What to work on
How many lines in the records below contain "bounded"? Reply with the number alone.

Source data
(* Let $\{x^k\}$ be generated by Algorithm IRG with the backtracking stepsize rule, and assume $\rho_k\to0$. Suppose there is an infinite set $J\subset\mathbb N$ such that $x^k\to\bar x$ along $J$, and that $\nabla f$ is Lipschitz continuous on some neighborhood of $\bar x$. Then $\{t_k\}_{k\in J}$ is bounded away from zero, i.e. $\inf_{k\in J}t_k>0$.
   Context: Algorithm IRG (general inexact reduced gradient framework). Let $f:\mathbb R^n\to\mathbb R$ be continuously differentiable. Parameters: initial point $x^1\in\mathbb R^n$, initial radii $\varepsilon_1>0$, $r_1>0$, reduction factors $\mu,\theta\in(0,1)$, and a sequence $\{\rho_k\}$ of positive numbers. For $k=1,2,\dots$: (1) choose $g^k\in\mathbb R^n$ with $\|g^k-\nabla f(x^k)\|\le\min\{\varepsilon_k,\rho_k\}$; (2) if $\|g^k\|\le r_k+\varepsilon_k$, set $r_{k+1}=\mu r_k$, $\varepsilon_{k+1}=\theta\varepsilon_k$, $d^k=0$; otherwise set $r_{k+1}=r_k$, $\varepsilon_{k+1}=\varepsilon_k$ and $d^k=-\frac{\|g^k\|-\varepsilon_k}{\|g^k\|}g^k$; (3) choose a stepsize $t_k>0$ by some rule; (4) set $x^{k+1}=x^k+t_kd^k$. Backtracking stepsize rule: fix $\beta,\gamma,\tau\in(0,1)$; if $d^k=0$ set $t_k=\tau$; otherwise $t_k=\max\{t\in\{1,\gamma,\gamma^2,\dots\}: f(x^k+td^k)\le f(x^k)-\beta t\|d^k\|^2\}$. *)

From HB Require Import structures.
From mathcomp Require Import all_boot all_order all_algebra.
From mathcomp Require Import reals.
Set Implicit Arguments. Unset Strict Implicit. Unset Printing Implicit Defensive.
Import Order.TTheory GRing.Theory Num.Theory.
Local Open Scope ring_scope.

Definition dotv {R : realType} {n : nat} (u v : 'rV[R]_n) : R :=
  \sum_(i < n) u 0 i * v 0 i.
Definition enorm {R : realType} {n : nat} (u : 'rV[R]_n) : R :=
  Num.sqrt (dotv u u).

Definition has_gradient {R : realType} {n : nat}
  (f : 'rV[R]_n -> R) (grad : 'rV[R]_n -> 'rV[R]_n) : Prop :=
  forall x (e : R), 0 < e -> exists2 delta : R, 0 < delta &
    forall y, enorm (y - x) < delta ->
      `| f y - f x - dotv (grad x) (y - x) | <= e * enorm (y - x).

Definition vcontinuous {R : realType} {n : nat} (g : 'rV[R]_n -> 'rV[R]_n) : Prop :=
  forall x (e : R), 0 < e -> exists2 delta : R, 0 < delta &
    forall y, enorm (y - x) < delta -> enorm (g y - g x) < e.

Definition C1_with_gradient {R : realType} {n : nat}
  (f : 'rV[R]_n -> R) (grad : 'rV[R]_n -> 'rV[R]_n) : Prop :=
  has_gradient f grad /\ vcontinuous grad.

Definition lipschitz_near {R : realType} {n : nat}
  (grad : 'rV[R]_n -> 'rV[R]_n) (xbar : 'rV[R]_n) : Prop :=
  exists delta : R, exists L : R, 0 < delta /\
    forall y z, enorm (y - xbar) < delta -> enorm (z - xbar) < delta ->
      enorm (grad y - grad z) <= L * enorm (y - z).

(* Iterates of Algorithm IRG, indexed from k = 0 (the paper's k = 1). *)
Definition IRG_iterates {R : realType} {n : nat}
  (f : 'rV[R]_n -> R) (grad : 'rV[R]_n -> 'rV[R]_n)
  (mu theta : R) (rho : nat -> R)
  (x g d : nat -> 'rV[R]_n) (eps r t : nat -> R) : Prop :=
  0 < eps 0%N /\ 0 < r 0%N /\ 0 < mu < 1 /\ 0 < theta < 1 /\
  (forall k, 0 < rho k) /\
  forall k : nat,
    enorm (g k - grad (x k)) <= Num.min (eps k) (rho k) /\
    (if enorm (g k) <= r k + eps k then
       [/\ r k.+1 = mu * r k, eps k.+1 = theta * eps k & d k = 0]
     else
       [/\ r k.+1 = r k, eps k.+1 = eps k &
           d k = - ((enorm (g k) - eps k) / enorm (g k)) *: g k]) /\
    0 < t k /\
    x k.+1 = x k + t k *: d k.

Definition armijo {R : realType} {n : nat} (f : 'rV[R]_n -> R) (beta : R)
  (xk dk : 'rV[R]_n) (s : R) : Prop :=
  f (xk + s *: dk) <= f xk - beta * s * enorm dk ^+ 2.

Definition backtracking {R : realType} {n : nat} (f : 'rV[R]_n -> R)
  (beta gamma tau : R) (x d : nat -> 'rV[R]_n) (t : nat -> R) : Prop :=
  0 < beta < 1 /\ 0 < gamma < 1 /\ 0 < tau < 1 /\
  forall k : nat,
    if d k == 0 then t k = tau
    else exists j : nat,
      [/\ t k = gamma ^+ j, armijo f beta (x k) (d k) (gamma ^+ j) &
          forall i : nat, (i < j)%N -> ~ armijo f beta (x k) (d k) (gamma ^+ i)].

(* Near xbar the gradient is L-Lipschitz, so a step s along the inexact
   direction d^k decreases f by at least s (1 - L s) |d^k|^2 as long as the
   segment stays in the Lipschitz ball.  Hence the Armijo test can only fail at
   a trial step s with s >= (1 - beta)/L, or with s |d^k| of the size of the
   ball, and |d^k| <= |grad f(x^k)| is bounded near xbar; after one more
   backtracking factor gamma this bounds t_k from below for the k in J that are
   close to xbar, while the finitely many remaining t_k are positive. *)
From HB Require Import structures.
From mathcomp Require Import all_boot all_order all_algebra.
From mathcomp Require Import all_classical all_reals all_analysis.
From mathcomp Require Import ring lra.
Import Order.TTheory GRing.Theory Num.Theory.
Import numFieldNormedType.Exports.
Local Open Scope classical_set_scope.
Local Open Scope ring_scope.

Section EuclideanNorm.
Context {R : realType} {n : nat}.
Implicit Types u v w : 'rV[R]_n.

Lemma dotvC u v : dotv u v = dotv v u.
Proof. by apply: eq_bigr => i _; rewrite mulrC. Qed.

Lemma dotvDl u v w : dotv (u + v) w = dotv u w + dotv v w.
Proof. by rewrite /dotv -big_split; apply: eq_bigr => i _; rewrite mxE mulrDl. Qed.

Lemma dotvZl a u v : dotv (a *: u) v = a * dotv u v.
Proof. by rewrite /dotv mulr_sumr; apply: eq_bigr => i _; rewrite mxE mulrA. Qed.

Lemma dotvBl u v w : dotv (u - v) w = dotv u w - dotv v w.
Proof. by rewrite dotvDl -scaleN1r dotvZl mulN1r. Qed.

Lemma dotvDr u v w : dotv w (u + v) = dotv w u + dotv w v.
Proof. by rewrite dotvC dotvDl !(dotvC w). Qed.

Lemma dotvZr a u v : dotv v (a *: u) = a * dotv v u.
Proof. by rewrite dotvC dotvZl dotvC. Qed.

Lemma dotv_ge0 u : 0 <= dotv u u.
Proof. by apply: sumr_ge0 => i _; rewrite -expr2 sqr_ge0. Qed.

Lemma enorm_ge0 u : 0 <= enorm u.
Proof. exact: sqrtr_ge0. Qed.

Lemma enorm_sqr u : enorm u ^+ 2 = dotv u u.
Proof. by rewrite sqr_sqrtr // dotv_ge0. Qed.

(* Lagrange's identity: twice the Cauchy-Schwarz defect is a sum of squares. *)
Lemma sqr_dotv_le u v : dotv u v ^+ 2 <= dotv u u * dotv v v.
Proof.
set a := fun i : 'I_n => u 0 i; set b := fun i : 'I_n => v 0 i.
have defect : dotv u u * dotv v v - dotv u v ^+ 2 =
    \sum_(i < n) \sum_(j < n) (a i ^+ 2 * b j ^+ 2 - a i * b i * (a j * b j)).
  rewrite expr2 /dotv !mulr_suml -sumrB; apply: eq_bigr => i _.
  by rewrite !mulr_sumr -sumrB; apply: eq_bigr => j _; rewrite /a /b; ring.
have lagrange : (dotv u u * dotv v v - dotv u v ^+ 2) *+ 2 =
    \sum_(i < n) \sum_(j < n) (a i * b j - a j * b i) ^+ 2.
  rewrite mulr2n {1}defect defect [in X in _ + X]exchange_big /= -big_split /=.
  by apply: eq_bigr => i _; rewrite -big_split /=; apply: eq_bigr => j _; ring.
have : 0 <= (dotv u u * dotv v v - dotv u v ^+ 2) *+ 2.
  by rewrite lagrange; apply: sumr_ge0 => i _; apply: sumr_ge0 => j _; exact: sqr_ge0.
by rewrite pmulrn_lge0 // subr_ge0.
Qed.

Lemma dotv_le_enormM u v : dotv u v <= enorm u * enorm v.
Proof.
apply: le_trans (ler_norm _) _.
rewrite /enorm -sqrtrM ?dotv_ge0 // -sqrtr_sqr.
exact/ler_wsqrtr/sqr_dotv_le.
Qed.

Lemma enormZ a u : enorm (a *: u) = `|a| * enorm u.
Proof.
by rewrite /enorm dotvZl dotvZr mulrA -expr2 sqrtrM ?sqr_ge0 // sqrtr_sqr.
Qed.

Lemma enorm0 : enorm (0 : 'rV[R]_n) = 0.
Proof. by rewrite -(scale0r (0 : 'rV[R]_n)) enormZ normr0 mul0r. Qed.

Lemma enormD u v : enorm (u + v) <= enorm u + enorm v.
Proof.
rewrite -(@ler_pXn2r _ 2) ?nnegrE ?addr_ge0 ?enorm_ge0 //.
rewrite enorm_sqr dotvDl !dotvDr sqrrD !enorm_sqr (dotvC v u).
have := dotv_le_enormM u v; lra.
Qed.

Lemma enorm_le_addB u v : enorm u <= enorm v + enorm (u - v).
Proof. by have := enormD v (u - v); rewrite addrC subrK. Qed.

End EuclideanNorm.

Lemma is_derive_of_linear_approx (R : realType) (phi : R -> R) (s a : R) :
  (forall e : R, 0 < e -> exists2 del : R, 0 < del &
     forall h, `|h| < del -> `|phi (h + s) - phi s - a * h| <= e * `|h|) ->
  is_derive s 1 phi a.
Proof.
move=> approx.
have quotient_cvg :
    (fun h : R => h^-1 *: ((phi \o shift s) (h *: 1) - phi s)) @ 0^' --> a.
  apply/cvgrPdist_le => e e0.
  have [del del0 Hdel] := approx e e0.
  near=> h.
  have h_neq0 : h != 0 by near: h; exact: nbhs_dnbhs_neq.
  have h_small : `|h| < del by near: h; apply: dnbhs0_lt.
  rewrite /= /shift -[h *: 1]/(h * 1) mulr1.
  have -> : a - h^-1 * (phi (h + s) - phi s) =
            - (h^-1 * (phi (h + s) - phi s - a * h)).
    by rewrite [in RHS]mulrBr opprB [h^-1 * (a * h)]mulrC -mulrA mulfV // mulr1.
  rewrite normrN normrM normrV ?unitfE // ler_pdivrMl ?normr_gt0 //.
  by rewrite [`|h| * e]mulrC; exact: Hdel.
have derivable_phi : derivable phi s 1 by exact: cvgP quotient_cvg.
have <- : 'D_1 phi s = a by exact: cvg_lim quotient_cvg.
exact: derivableP.
Unshelve. all: by end_near.
Qed.

Lemma backtracking_step_ge {R : realType} {P : R -> Prop} {gamma c : R} {j : nat} :
  0 < gamma ->
  (forall s, 0 < s -> ~ P s -> c <= s) ->
  (forall i, (i < j)%N -> ~ P (gamma ^+ i)) ->
  Num.min 1 (gamma * c) <= gamma ^+ j.
Proof.
move=> gamma0 fail_ge; case: j => [|j] fails; first by rewrite expr0 ge_min lexx.
rewrite exprS ge_min; apply/orP; right.
have := fail_ge _ (exprn_gt0 j gamma0) (fails _ (ltnSn j)).
by apply: ler_wpM2l; exact: ltW.
Qed.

Response to this task
2